Task item.
Where a line in the material below has the string "with", please report it.

Provided records.
Lemma tent_chain n : (0 < n)%N -> (n <= M)%N ->
  c * (harmonic R n.+1 - 1) - n.-1%:R / x <= expect (r n) (tent n.+1).
Proof.
elim: n => [//|[_ _ M_ge1|n IH _ nM]].
  have := ratio_at f_ratio c_ge0 (tent_adm 1) quantity_adm M_ge1.
  rewrite tent_at // add0r mulr1 => /(_ (lexx 0) ler01 ltr01).
  have r_distr := outcome_distr f_DSIC (tent_adm 1) quantity_adm.
  have -> : c * (harmonic R 2 - 1) - 0%:R / x = 2^-1 * c.
    by rewrite !harmonicS /harmonic big_ord0 mul0r; field.
  have half_ge0 : 0 <= 2^-1 :> R by rewrite invr_ge0 ler0n.
  move=> /(ler_wpM2l half_ge0); rewrite -expectZ => /le_trans; apply.
  exact: ler_expect r_distr tent_base.
have r_distr := outcome_distr f_DSIC (tent_adm n.+2) quantity_adm.
have dom := ler_expect r_distr (fun k => tent_step (n := n.+2) (k := k) isT).
rewrite expectD expectZ in dom.
have lie := quantity_lie_bound (n := n.+2) isT nM.
have buy := buyer_IC f_DSIC (tent_adm n.+2) (tent_adm n.+1) quantity_adm.
have := IH isT (ltnW nM); rewrite [harmonic R n.+3]harmonicS /= -[n.+1%:R]natr1 mulrDl mul1r.
set q := (n.+2%:R * n.+3%:R)^-1 in dom.
have q_ge0 : 0 <= q by rewrite invr_ge0 mulr_ge0 ?ler0n.
have q_le1 : q <= 1.
  by rewrite /q invr_le1 ?unitfE ?mulf_neq0 ?pnatr_eq0 ?mulr_gt0 ?ltr0n // -natrM ler1n.
have := ler_wpM2l q_ge0 lie.
have -> : q * (c * n.+2%:R - x^-1) = c * n.+3%:R^-1 - q * x^-1.
  by rewrite /q; field; rewrite gt_eqF // -!natrD !pnatr_eq0.
have : q * x^-1 <= x^-1 by apply: ler_piMl; rewrite // invr_ge0 ltW.
(* lra cannot treat the inverse of [n + 3] as an atom. *)
move: (n.+3%:R^-1) => w; lra.
Qed.
Definition in_zset (tau : seq (seq V)) (s : seq V) : Prop :=
  exists2 t, t \in tau & same_zz t s.

(* z-orientation: a set of zigzags containing exactly one of Z, Z^{-1}
   for every zigzag Z (the reversed zigzag of v_1..v_n is v_n..v_1). *)
Definition z_orientation (tau : seq (seq V)) : Prop :=
  [/\ forall s, s \in tau -> is_zigzag s,
      uniq tau,
      forall s t, s \in tau -> t \in tau -> same_zz s t -> s = t
    & forall s, is_zigzag s ->
        (in_zset tau s \/ in_zset tau (rev s)) /\
        (in_zset tau s -> in_zset tau (rev s) -> same_zz s (rev s))].

Definition trav (tau : seq (seq V)) (u v : V) : nat :=
  \sum_(s <- tau) count (pred1 (u, v)) (zip s (rot 1 s)).

Definition typeI (tau : seq (seq V)) (u v : V) : bool :=
  [&& is_edge [set u; v], 0 < trav tau u v & 0 < trav tau v u].

Definition typeII (tau : seq (seq V)) (u v : V) : bool :=
  [&& is_edge [set u; v], 0 < trav tau u v & trav tau v u == 0].

Definition zdeg (tau : seq (seq V)) (v : V) : nat :=
  #|[set u | typeI tau v u]| + 2 * #|[set u | typeII tau v u]|.

Local Open Scope ring_scope.

Definition ptrans (tau : seq (seq V)) (i j : V) : rat :=
  if typeI tau i j then 1 / (zdeg tau i)%:R
  else if typeII tau i j then 2 / (zdeg tau i)%:R
  else 0.

End Triangulation.

Local Open Scope ring_scope.

Section Markov.
Variable S : finType.
Variable P : S -> S -> rat.

Fixpoint nstep (n : nat) (i j : S) : rat :=
  match n with
  | O => (i == j)%:R
  | n'.+1 => \sum_(l : S) nstep n' i l * P l j
  end.

Definition irreducible : Prop := forall i j, exists n, 0 < nstep n i j.

(* d is the period of i: d = gcd {n >= 1 | (P^n)_ii > 0} *)
Definition is_period (i : S) (d : nat) : Prop :=
  (forall n, (0 < n)%N -> 0 < nstep n i i -> (d %| n)%N) /\
  (forall d', (forall n, (0 < n)%N -> 0 < nstep n i i -> (d' %| n)%N) ->
     (d' %| d)%N).

Definition aperiodic : Prop := forall i, is_period i 1.
Lemma cross3_scal k l a b : cross3 (scal3 k a) (scal3 l b) = scal3 (k * l) (cross3 a b).
Proof.
  destruct a as [[a1 a2] a3]; destruct b as [[b1 b2] b3].
  unfold scal3, cross3, v1, v2, v3; simpl; f_equal; [f_equal|]; ring.
Qed.

Lemma norm3_opp a : norm3 (scal3 (-1) a) = norm3 a.
Proof. unfold norm3. rewrite dot3_scal_l, dot3_scal_r. f_equal; ring. Qed.

Lemma cross3_lagrange a b :
  dot3 (cross3 a b) (cross3 a b) = dot3 a a * dot3 b b - dot3 a b * dot3 a b.
Proof.
  destruct a as [[a1 a2] a3]; destruct b as [[b1 b2] b3].
  unfold dot3, cross3, v1, v2, v3; simpl. ring.
Qed.

Lemma cross3_gram a b y z :
  dot3 (cross3 a b) (cross3 a b) * dot3 y z =
  (dot3 y a * dot3 b b - dot3 y b * dot3 a b) * dot3 a z +
  (dot3 y b * dot3 a a - dot3 y a * dot3 a b) * dot3 b z +
  dot3 y (cross3 a b) * dot3 (cross3 a b) z.
Proof.
  destruct a as [[a1 a2] a3]; destruct b as [[b1 b2] b3];
  destruct y as [[y1 y2] y3]; destruct z as [[z1 z2] z3].
  unfold dot3, cross3, v1, v2, v3; simpl. ring.
Qed.

Lemma dot3_self_pos_of_cross_l a b : cross3 a b <> (0, 0, 0) -> 0 < dot3 a a.
Proof.
  intros HW. assert (P := dot3_self_pos _ HW). rewrite cross3_lagrange in P.
  assert (Ha := dot3_self_ge0 a). assert (Hb := dot3_self_ge0 b). nra.
Qed.

Lemma dot3_self_pos_of_cross_r a b : cross3 a b <> (0, 0, 0) -> 0 < dot3 b b.
Proof.
  intros HW. assert (P := dot3_self_pos _ HW). rewrite cross3_lagrange in P.
  assert (Ha := dot3_self_ge0 a). assert (Hb := dot3_self_ge0 b). nra.
Qed.

Lemma dot3_orth_frame a b y z : dot3 a b = 0 -> cross3 a b <> (0, 0, 0) ->
  dot3 (scal3 (/ norm3 (cross3 a b)) (cross3 a b)) z = 0 ->
  dot3 y z = dot3 y a * dot3 a z / dot3 a a + dot3 y b * dot3 b z / dot3 b b.
Proof.
  intros Hab HW Hnz.
  assert (Ea := dot3_self_pos_of_cross_l a b HW).
  assert (Eb := dot3_self_pos_of_cross_r a b HW).
  assert (Hz : dot3 (cross3 a b) z = 0).
  { rewrite dot3_scal_l in Hnz. assert (Hn := norm3_pos _ HW).
    apply Rmult_integral in Hnz as [H|H]; [|exact H].
    exfalso. apply (Rinv_neq_0_compat (norm3 (cross3 a b))); lra. }
  assert (K := cross3_gram a b y z).
  rewrite cross3_lagrange, Hab, Hz in K.
  apply (Rmult_eq_reg_l (dot3 a a * dot3 b b)); [|nra].
  replace (dot3 a a * dot3 b b * dot3 y z) with
    ((dot3 a a * dot3 b b - 0 * 0) * dot3 y z) by ring.
  rewrite K. field. lra.
Qed.

Definition vec_is_derive (F : R -> vec3) (t : R) (d : vec3) : Prop :=
  is_derive (fun s => v1 (F s)) t (v1 d) /\ is_derive (fun s => v2 (F s)) t (v2 d) /\
  is_derive (fun s => v3 (F s)) t (v3 d).

Lemma vec_is_derive_dot F G t dF dG : vec_is_derive F t dF -> vec_is_derive G t dG ->
  is_derive (fun s => dot3 (F s) (G s)) t (dot3 dF (G t) + dot3 (F t) dG).
Proof.
  intros [H1 [H2 H3]] [K1 [K2 K3]].
  eapply is_derive_replace.
  - apply (is_derive_plus _ _ _ _ _ (is_derive_plus _ _ _ _ _
      (is_derive_Rmult _ _ _ _ _ H1 K1) (is_derive_Rmult _ _ _ _ _ H2 K2))
      (is_derive_Rmult _ _ _ _ _ H3 K3)).
  - unfold dot3, plus; simpl. ring.
Qed.

Lemma vec_is_derive_dot_locally_const F G t dF dG k :
  vec_is_derive F t dF -> vec_is_derive G t dG ->
  locally t (fun s => dot3 (F s) (G s) = k) -> dot3 dF (G t) + dot3 (F t) dG = 0.
Proof.
  intros HF HG Hk. exact (is_derive_locally_const _ _ _ _ Hk (vec_is_derive_dot _ _ _ _ _ HF HG)).
Qed.

Lemma ex_derive_unit_cross (a1 a2 a3 b1 b2 b3 : R -> R) t :
  ex_derive a1 t -> ex_derive a2 t -> ex_derive a3 t ->
  ex_derive b1 t -> ex_derive b2 t -> ex_derive b3 t ->
  cross3 (a1 t, a2 t, a3 t) (b1 t, b2 t, b3 t) <> (0, 0, 0) ->
  let n := fun s => let W := cross3 (a1 s, a2 s, a3 s) (b1 s, b2 s, b3 s) in
                    scal3 (/ norm3 W) W in
  ex_derive (fun s => v1 (n s)) t /\ ex_derive (fun s => v2 (n s)) t /\
  ex_derive (fun s => v3 (n s)) t.
Proof.
  intros A1 A2 A3 B1 B2 B3 HW n.
  assert (P := dot3_self_pos _ HW).
  assert (Q := norm3_pos _ HW). unfold norm3 in Q.
  unfold n, scal3, norm3, cross3, dot3, v1, v2, v3 in *; simpl in *.
  repeat split; auto_derive; unfold Rminus in P; repeat split; try assumption;
    try (apply Rgt_not_eq, sqrt_lt_R0); lra.
Qed.

Lemma Ck_continuous k D h : Ck k D h -> forall u v, D u v ->
  continuous (fun p : R * R => h (fst p) (snd p)) (u, v).
Proof. destruct k; [exact (fun H => H)|]. intros [H _]. exact H. Qed.

Lemma Ck_pred k D h : Ck (S k) D h -> Ck k D h.
Proof.
  revert h. induction k; intros h H.
  - exact (proj1 H).
  - destruct H as [H1 [H2 [H3 H4]]]. split; [|split; [|split]]; auto.
Qed.

Lemma Ck_pu k D h : Ck (S k) D h -> Ck k D (pu h).
Proof. intros [_ [_ [H _]]]. exact H. Qed.

Lemma Ck_pv k D h : Ck (S k) D h -> Ck k D (pv h).
Proof. intros [_ [_ [_ H]]]. exact H. Qed.

Lemma Ck_ex_derive_u k D h u v : Ck (S k) D h -> D u v -> ex_derive (fun s => h s v) u.
Proof. intros [_ [H _]] Huv. exact (proj1 (H u v Huv)). Qed.

Lemma Ck_ex_derive_v k D h u v : Ck (S k) D h -> D u v -> ex_derive (fun t => h u t) v.
Proof. intros [_ [H _]] Huv. exact (proj2 (H u v Huv)). Qed.

Lemma Ck_swap k U V h : Ck k (rect U V) h -> Ck k (rect V U) (fun u v => h v u).
Proof.
  assert (C : forall (h : R -> R -> R) u v,
    (forall u v, rect U V u v -> continuous (fun p : R * R => h (fst p) (snd p)) (u, v)) ->
    rect V U u v -> continuous (fun p : R * R => h (snd p) (fst p)) (u, v)).
  { intros h0 u v H [H1 H2].
    apply (continuous_comp_2 snd fst (fun a b => h0 a b) (u, v)).
    - apply continuous_snd.
    - apply continuous_fst.
    - apply (H v u). split; auto. }
  revert h. induction k; intros h H.
  - intros u v Huv. apply C; auto.
  - destruct H as [H1 [H2 [H3 H4]]]. split; [|split; [|split]].
    + intros u v Huv. apply C; auto.
    + intros u v [Hu Hv]. destruct (H2 v u) as [E1 E2]; [split; auto|]. split; auto.
    + exact (IHk _ H4).
    + exact (IHk _ H3).
Qed.

Lemma Ck_schwarz U V h u v : open_itv U -> open_itv V -> Ck 2 (rect U V) h ->
  rect U V u v -> pu (pv h) u v = pv (pu h) u v.
Proof.
  intros HU HV H Huv. apply Schwarz.
  - apply (locally_2d_impl (rect U V)); [|apply rect_locally_2d; auto].
    apply locally_2d_forall. intros a b Hab. repeat split.
    + apply (Ck_ex_derive_u 0 (rect U V)); auto. apply Ck_pred, H.
    + apply (Ck_ex_derive_v 0 (rect U V)); auto. apply Ck_pred, H.
    + apply (Ck_ex_derive_u 0 (rect U V) (pv h)); auto. apply Ck_pv, H.
    + apply (Ck_ex_derive_v 0 (rect U V) (pu h)); auto. apply Ck_pu, H.
  - apply continuity_2d_pt_filterlim.
    apply (Ck_continuous 0 (rect U V) (pu (pv h))); auto. apply Ck_pu, Ck_pv, H.
  - apply continuity_2d_pt_filterlim.
    apply (Ck_continuous 0 (rect U V) (pv (pu h))); auto. apply Ck_pv, Ck_pu, H.
Qed.

Lemma smooth_surf_Pu D X : smooth_surf D X -> smooth_surf D (Pu X).
Proof. intros [H1 [H2 H3]]. split; [|split]; intro k; apply Ck_pu; [apply H1|apply H2|apply H3]. Qed.

Lemma smooth_surf_Pv D X : smooth_surf D X -> smooth_surf D (Pv X).
Proof. intros [H1 [H2 H3]]. split; [|split]; intro k; apply Ck_pv; [apply H1|apply H2|apply H3]. Qed.

Lemma smooth_surf_vec_is_derive_u D X u v : smooth_surf D X -> D u v ->
  vec_is_derive (fun s => X s v) u (Pu X u v).
Proof.
  intros [H1 [H2 H3]] Huv. split; [|split]; apply Derive_correct.
  - exact (Ck_ex_derive_u 0 D (c1 X) u v (H1 1%nat) Huv).
  - exact (Ck_ex_derive_u 0 D (c2 X) u v (H2 1%nat) Huv).
  - exact (Ck_ex_derive_u 0 D (c3 X) u v (H3 1%nat) Huv).
Qed.

Lemma smooth_surf_vec_is_derive_v D X u v : smooth_surf D X -> D u v ->
  vec_is_derive (fun t => X u t) v (Pv X u v).
Proof.
  intros [H1 [H2 H3]] Huv. split; [|split]; apply Derive_correct.
  - exact (Ck_ex_derive_v 0 D (c1 X) u v (H1 1%nat) Huv).
  - exact (Ck_ex_derive_v 0 D (c2 X) u v (H2 1%nat) Huv).
  - exact (Ck_ex_derive_v 0 D (c3 X) u v (H3 1%nat) Huv).
Qed.

Lemma smooth_surf_Pu_Pv U V X u v : open_itv U -> open_itv V ->
  smooth_surf (rect U V) X -> rect U V u v -> Pu (Pv X) u v = Pv (Pu X) u v.
Proof.
  intros HU HV [H1 [H2 H3]] Huv. unfold Pu, Pv; simpl.
  f_equal; [f_equal|]; apply (Ck_schwarz U V); auto.
Qed.

Lemma unormal_unit x u v : cross3 (Pu x u v) (Pv x u v) <> (0, 0, 0) ->
  dot3 (unormal x u v) (unormal x u v) = 1.
Proof.
  intros HW. unfold unormal. rewrite dot3_scal_l, dot3_scal_r, <- norm3_sq.
  assert (H := norm3_pos _ HW). field. lra.
Qed.

Lemma unormal_orth_u x u v : dot3 (Pu x u v) (unormal x u v) = 0.
Proof. unfold unormal. rewrite dot3_scal_r, dot3_cross_l. ring. Qed.

Lemma unormal_orth_v x u v : dot3 (Pv x u v) (unormal x u v) = 0.
Proof. unfold unormal. rewrite dot3_scal_r, dot3_cross_r. ring. Qed.

Lemma unormal_vec_is_derive_u D x u v : smooth_surf D x -> regular_surf D x -> D u v ->
  exists dn, vec_is_derive (fun s => unormal x s v) u dn.
Proof.
  intros Hs Hr Huv.
  assert (Ha := smooth_surf_vec_is_derive_u D (Pu x) u v (smooth_surf_Pu D x Hs) Huv).
  assert (Hb := smooth_surf_vec_is_derive_u D (Pv x) u v (smooth_surf_Pv D x Hs) Huv).
  destruct Ha as [A1 [A2 A3]]. destruct Hb as [B1 [B2 B3]].
  destruct (ex_derive_unit_cross (fun s => pu (c1 x) s v) (fun s => pu (c2 x) s v)
    (fun s => pu (c3 x) s v) (fun s => pv (c1 x) s v) (fun s => pv (c2 x) s v)
    (fun s => pv (c3 x) s v) u) as [N1 [N2 N3]];
    try (eexists; eassumption); [apply Hr, Huv|].
  exists (Derive (fun s => v1 (unormal x s v)) u, Derive (fun s => v2 (unormal x s v)) u,
          Derive (fun s => v3 (unormal x s v)) u).
  split; [|split]; apply Derive_correct; [exact N1|exact N2|exact N3].
Qed.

Solved exercise.
  match n with
  replace (dot3 a a * dot3 b b * dot3 y z) with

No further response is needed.